Wie sind eure Erfahrungen?
Hat jemand mehr Kenntnis davon?


----------



## Andal (22. Januar 2011)

*AW: Tonische Bewegungslosigkeit*

Bei Hechten, die man per Hand in der Kiemenfalte landet, bei Barschen und Wallern, die durch einen Griff ins Maul gehalten werden tritt auch so eine Starre auf. Ebenso bei Friedfischen, denen man einen Finger in den Rachen steckt.

Ich bin mir aber absolut unsicher, ob das der gleiche Effekt ist, wie bei den Haien, oder ob man nur bestimmte Nerven überreizt, die dann diese Art der Lähmung auslösen. Es deutet viel auf die Lähmung, da sie sich sofort nach dem Ablassen wieder normal bewegen. Bei der tonischen Bewegungslosigkeit, so wie im Bericht gezeigt, dauert der tranceartige Zustand teilweise länger an.

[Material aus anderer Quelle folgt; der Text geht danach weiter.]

Lemma compact_cover_translates K N : compact K -> open N -> N e ->
  exists ys : seq G, forall x, K x -> exists2 y, y \in ys & lmul mul y N x.
Proof.
move=> cK oN Ne; have := cK; rewrite compact_cover => /(_ G K (lmul mul ^~ N)).
case=> [y _|x Kx|D _ KD]; first exact: open_lmul.
  by exists x => //; apply: lmul_id.
by exists (finmap.enum_fset D) => x /KD [y Dy Nx]; exists y.
Qed.

End TopologicalGroup.

Definition borel_set (G : ptopologicalType) (A : set G) :=
  measurable (A : set (borelG G)).

Section HaarMeasure.
Variables (R : realType) (G : ptopologicalType).
Variables (mul : G -> G -> G) (inv : G -> G) (e : G).
Variable mu : {measure set (borelG G) -> \bar R}.
Hypotheses (TG : is_topgroup mul inv e) (LC : lc_sigma_compact G).
Hypothesis HA : left_haar mul mu.
Implicit Types (A B K V : set G).

Lemma open_borel A : open A -> borel_set A.
Proof. by move=> oA; apply: sub_sigma_algebra. Qed.

Lemma compact_borel K : compact K -> borel_set K.
Proof.
move=> /compact_closed cK; rewrite -[K]setCK; apply: measurableC.
by apply: open_borel; rewrite openC; apply: cK; case: LC.
Qed.

Lemma haar_lmul x A : borel_set A -> mu (lmul mul x A) = mu A.
Proof. by case: HA => + _ _ _ _; apply. Qed.

Lemma haar_compact_lt K : compact K -> (mu K < +oo)%E.
Proof. by case: HA => _ + _ _ _; apply. Qed.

Auf alle Fälle aber sind diese Griffe gut geeignet, einen gefangenen Fisch sehr schonend zu behandeln, da sie unebasichtigtes Schlagen ziemlich gut verhindern und so vor Selbstverletzungen schützen.

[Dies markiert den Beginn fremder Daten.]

(* Let $\mathbb F=\mathbb R$ or $\mathbb C$, $G$ an algebraic group over $\mathbb F$ and $\rho:G\to\mathrm{GL}(V)$ a rational representation on an $n$-dimensional space with $\rho(G)\subseteq\mathrm{SL}(V)$, and $0<k<n$. Let $U\subseteq V\otimes\mathbb F^k$ and $\pi_{k,V}$ be as below. Then for every $T\in U$ there is an isomorphism of algebraic groups $\mathrm{Stab}_G(\pi_{k,V}(T))\cong\mathrm{Stab}_{G\times\mathrm{SL}_k}(T)$.
   Context: $U=\{\sum_{i=1}^kv_i\otimes e_i: v_1,\dots,v_k\in V\text{ linearly independent}\}$, $e_i$ the standard basis of $\mathbb F^k$; $\pi_{k,V}(\sum_iv_i\otimes e_i)=v_1\wedge\cdots\wedge v_k\in\bigwedge^kV$. $G$ acts on $\bigwedge^kV$ via $\rho$, and $G\times\mathrm{SL}_k$ acts on $V\otimes\mathbb F^k$ by $(g,A)\cdot(v\otimes w)=\rho(g)v\otimes Aw$. *)

From HB Require Import structures.
From mathcomp Require Import all_boot all_order all_algebra.
From mathcomp Require Import reals.
From mathcomp Require Import complex.
From mathcomp Require Import mpoly.

Set Implicit Arguments.
Unset Strict Implicit.
Unset Printing Implicit Defensive.

Import Order.TTheory GRing.Theory Num.Theory.
Local Open Scope ring_scope.

Inductive RC := RealField | ComplexField.

Definition FF (R : realType) (c : RC) : fieldType :=
  match c with
  | RealField => (R : fieldType)
  | ComplexField => ((R[i])%C : fieldType)
  end.

Section Defs.
Variable F : fieldType.

Definition mx_coords (m : nat) (g : 'M[F]_m) : 'I_(m * m) -> F :=
  fun i => mxvec g 0 i.

Definition zariski_closed_GL (m : nat) (G : 'M[F]_m -> Prop) : Prop :=
  exists S : {mpoly F[m * m]} -> Prop,
    forall g, G g <-> (g \in unitmx /\ forall p, S p -> p.@[mx_coords g] = 0).

Definition alg_group (m : nat) (G : 'M[F]_m -> Prop) : Prop :=
  [/\ zariski_closed_GL G, G 1%:M,
      (forall g h, G g -> G h -> G (g *m h)) &
      (forall g, G g -> G (invmx g))].

Definition regular1 (m : nat) (H : 'M[F]_m -> Prop) (f : 'M[F]_m -> F) : Prop :=
  exists (p : {mpoly F[m * m]}) (N : nat),
    forall g, H g -> f g = p.@[mx_coords g] / (\det g) ^+ N.

Definition regular2 (m k : nat) (H : 'M[F]_m * 'M[F]_k -> Prop)
    (f : 'M[F]_m * 'M[F]_k -> F) : Prop :=
  exists (p : {mpoly F[m * m + k * k]}) (N1 N2 : nat),
    forall x, H x ->
      f x = p.@[fun i => row_mx (mxvec x.1) (mxvec x.2) 0 i]
            / ((\det x.1) ^+ N1 * (\det x.2) ^+ N2).

Definition rational_rep (m n : nat) (G : 'M[F]_m -> Prop)
    (rho : 'M[F]_m -> 'M[F]_n) : Prop :=
  [/\ (forall g, G g -> rho g \in unitmx),
      (forall g h, G g -> G h -> rho (g *m h) = rho g *m rho h) &
      (forall i j, regular1 G (fun g => rho g i j))].

(* Exterior power bigwedge^k V, V = F^n, modelled as alternating k-tensors:
   an element is its coefficient function on basis tensors e_{f 0} (x) ... (x) e_{f (k-1)}. *)
Definition extpow (n k : nat) := {ffun {ffun 'I_k -> 'I_n} -> F}.

(* pi_{k,V}: the matrix T with columns v_1..v_k (i.e. sum v_i (x) e_i) |-> v_1 /\ ... /\ v_k *)
Definition wedge (n k : nat) (T : 'M[F]_(n, k)) : extpow n k :=
  [ffun f : {ffun 'I_k -> 'I_n} => \det (rowsub (fun i => f i) T)].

Allerdings sollte man besonders bei Karpfen und größeren Döbeln die Finger nie zu tief in den Rachen stecken. Deren Schlundgebisse können dann immer noch reflexartig schließen und was mühelos Muscheln und Krebspanzer knackt, das macht auch am Finger mächtig Aua!


----------



## kati48268 (22. Januar 2011)

*AW: Tonische Bewegungslosigkeit*

Klar, stimmt, bei Hechten, größeren Friedfischen und Barschen mach ich's ja auch so. Irgendwann mal gelernt, nie über Ursachen nachgedacht.

Wirkt der Wallergriff ebenso? Den hab ich (mangels Möglichkeit :c) noch nicht einsetzen können. 
Lande Hechte oft per Kiemengriff, aber da gibt es auch immer wieder Kameraden, die immun gegen den Effekt sind.
Und ich glaube auch, dass der gezeigte Effekt bei den Haien noch einen Tick weiter geht. Sah irre aus!


----------



## Andal (22. Januar 2011)

*AW: Tonische Bewegungslosigkeit*

Haie, als Knorpelfische ja deutlich älter, als unsere Knochenfische, haben nicht umsonst hunderte von Millionen von Jahren auf der Erde bestehen können, wären sie nur die primitive Fressmaschine, die man ihnen andichtet. Was ihre Sinnesleistungen angeht (z.B. die Lorenzinischen Ampullen) sind sie den modernen Knochenfischen sogar deutlich überlegen. Dieses zusätzliche elektromagnetische Sinnesorgan dürfte auch primär für die tonische Bewegungslosigkeit verantwortlich sein.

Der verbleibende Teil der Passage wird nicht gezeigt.